Prediction results of each comparative model in 17 species. a Distribution of SN for each model. b Distribution of AUC for each model. c Statistics of SN for each model. d Statistics of AUC for each model

From the distribution of evaluation metrics, both SN and AUC, the proposed model in the study ranks in the highest range, indicating its excellent predictive performance, as shown in Fig. 10a and b. According to the statistical results depicted in Fig. 10c and d, there are 16 data points near 0.94 for the SN metric, and 1 data point close to 0.91. In addition, for the AUC metric, there are 11 data points nearing 0.93, and 6 data points around 0.90. In summary, when compared to other benchmark models, the Multi2-Con-CAPSO-LSTM model demonstrates superior predictive performance. The average values of the evaluation metrics for each model across the 17 species are shown in Table 7.

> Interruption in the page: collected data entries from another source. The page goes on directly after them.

Lemma alignment_add_corner {i j} (Mh : 'M[bool]_(i, j)) :
  alignment0 Mh -> alignment (add_corner Mh).
Proof.
case: i Mh => [|i] Mh; case: j Mh => [|j] Mh; rewrite /alignment0 //=.
  by move=> _; rewrite add_corner_empty; apply/alignmentE; exists [:: (0, 0)]%N.
move=> /alignmentE [p wp ->]; apply/alignmentE.
exists (rcons p (i.+1, j.+1)); last exact: add_corner_cells.
by apply: (warping_path_rcons wp); rewrite /wstep /= !eqxx !orbT.
Qed.

Lemma alignment_cases {i j} (M : 'M[bool]_(i.+1, j.+1)) : alignment M ->
  [\/ exists2 Mh : 'M_(i, j.+1), alignment0 Mh & M = add_row Mh,
      exists2 Mh : 'M_(i.+1, j), alignment0 Mh & M = add_col Mh
    | exists2 Mh : 'M_(i, j), alignment0 Mh & M = add_corner Mh].
Proof.
case/alignmentE => -[//|x s] /= /and3P [/eqP -> xs last_s] ->.
case/lastP: s xs last_s => [_ /eqP [<- <-]|t [k l]].
  by apply: Or33; exists (const_mx false); rewrite ?add_corner_empty.
rewrite rcons_path last_rcons => /andP [t_path step] /eqP [<- <-].
case last_t: (last (0, 0)%N t) step => [a b] step.
have wp : warping_path a.+1 b.+1 ((0, 0)%N :: t) by rewrite /= t_path last_t !eqxx.
have t_aligned : alignment0 (cells_mx a.+1 b.+1 ((0, 0)%N :: t)).
  by apply/alignmentE; exists ((0, 0)%N :: t).
by case/or3P: step => /andP [/eqP /= -> /eqP /= ->];
  [apply: Or31 | apply: Or32 | apply: Or33]; exists (cells_mx a.+1 b.+1 ((0, 0)%N :: t));
  rewrite ?add_row_cells ?add_col_cells ?add_corner_cells.
Qed.

Lemma exists_minimizer {R : realDomainType} {T : finType} {P : T -> Prop}
    (f : T -> R) {x0} :
  P x0 -> exists2 y, P y & forall x, P x -> f y <= f x.
Proof.
move=> /asboolP Px0.
case: (@arg_minP _ _ _ _ (fun x => `[< P x >]) f Px0) => y /asboolP Py min_y.
by exists y => // x /asboolP /min_y.
Qed.

Section Minimizers.
Variables (R : realFieldType) (X Y : R -> nat -> R).
Local Notation L z := (Lij (X z) (Y z)).

Lemma hatME i j (M : 'M[bool]_(i, j)) :
  hatM X Y M <-> alignment0 M /\
  exists z, forall M' : 'M_(i, j), alignment0 M' -> L z M <= L z M'.
Proof.
rewrite /hatM /alignment0; case: i M => [|i] M; case: j M => [|j] M //=.
- by split=> // _; split=> //; exists 0 => M' _; rewrite /Lij !big_ord0.
- by split=> // -[].
- by split=> // -[].
Qed.

Lemma tildeM_alignment i j (M : 'M[bool]_(i.+1, j.+1)) : tildeM X Y M -> alignment M.
Proof.
case=> [[Mh [/hatME [+ _] ->]]|[[Mh [/hatME [+ _] ->]]|[Mh [/hatME [+ _] ->]]]].
- exact: alignment_add_row.
- exact: alignment_add_col.
- exact: alignment_add_corner.
Qed.

Section Extension.
Context {a b i j : nat} {E : 'M[bool]_(a, b) -> 'M[bool]_(i, j)}.
Context {c : (nat -> R) -> (nat -> R) -> R}.
Hypothesis alignment_E : forall N, alignment0 N -> alignment (E N).
Hypothesis Lij_E : forall N x y, Lij x y (E N) = Lij x y N + c x y.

Table 7 The statistical values of the evaluation metrics for each prediction model

The statistical data presented in Table 5 also demonstrate the significant advantage of the Multi2-Con-CAPSO-LSTM model, which can be attributed to the following three factors: (1) The hybrid encoding method of DNA sequences supplies the model with multivariate data. The model combines three types of temporal sequence encoding and three types of gene feature encoding for DNA sequences, providing reliable and multivariate foundational data for subsequent feature extraction. (2) The CNN and CAPSO method provide assurance for feature selection and parameter selection in the model. Through convolutional operations, the model transforms multivariate data into feature matrices, encapsulating temporal, spatial, and biochemical information. At the same time, the CAPSO method provides a solution for obtaining optimal parameters. (3) The LSTM network fully capitalizes on the long-term and short-term information within the DNA sequences, bolstering the prediction speed of the model. Given the pre- and post-relationships between DNA sequence methylation and the sequence itself, LSTM can effectively utilize these contextual relationships, thereby enhancing performance. Comparative experiments have shown that the Multi2-Con-CAPSO-LSTM model exhibits significant advantages in terms of sensitivity, specificity, accuracy, and correlation, compared to other benchmark models. Whether general methylation predictors or improved prediction methods, the prediction performance of the model in this paper is superior.

Conclusions

In the paper, we propose a hybrid integrated learning model called Multi2-Con-CAPSO-LSTM. Firstly, compared to other models, Multi2-Con-CAPSO-LSTM demonstrates superior predictive performance. Secondly, through experiments conducted on 17 species with various methylation types, including 4mC, 5hmC, and 6 mA, the Multi2-Con-CAPSO-LSTM model has demonstrated excellent overall performance and effectively predicts multiple types of DNA methylation. Thirdly, as a machine learning-based DNA methylation model, Multi2-Con-CAPSO-LSTM integrates the positional information, physiological properties, and biological information of the DNA sequence, which ensures its good performance. The Multi2-Con-CAPSO-LSTM model provides a valuable reference for many disciplines such as biology, computer science, chemistry, and medicine. It covers a wide range of research areas including sequence alignment, genetic evolution, time series analysis, and structure–activity relationship studies. Although the proposed model in the study has achieved satisfactory results, there are still many challenges to address when facing the large-scale DNA methylation data. There are many issues that require further exploration. For example, how to improve the time and space complexity of machine learning methods, and how to design encoding methods that can extract as much global information from DNA sequences as possible. Currently, there are still some controversies in the research on biological sequences based on time series analysis methods. In future research, we will continue to delve into the key issues of the cross-disciplinary study of time series and biological sequences, aiming to make modest yet meaningful contributions to the integration and development of these two fields.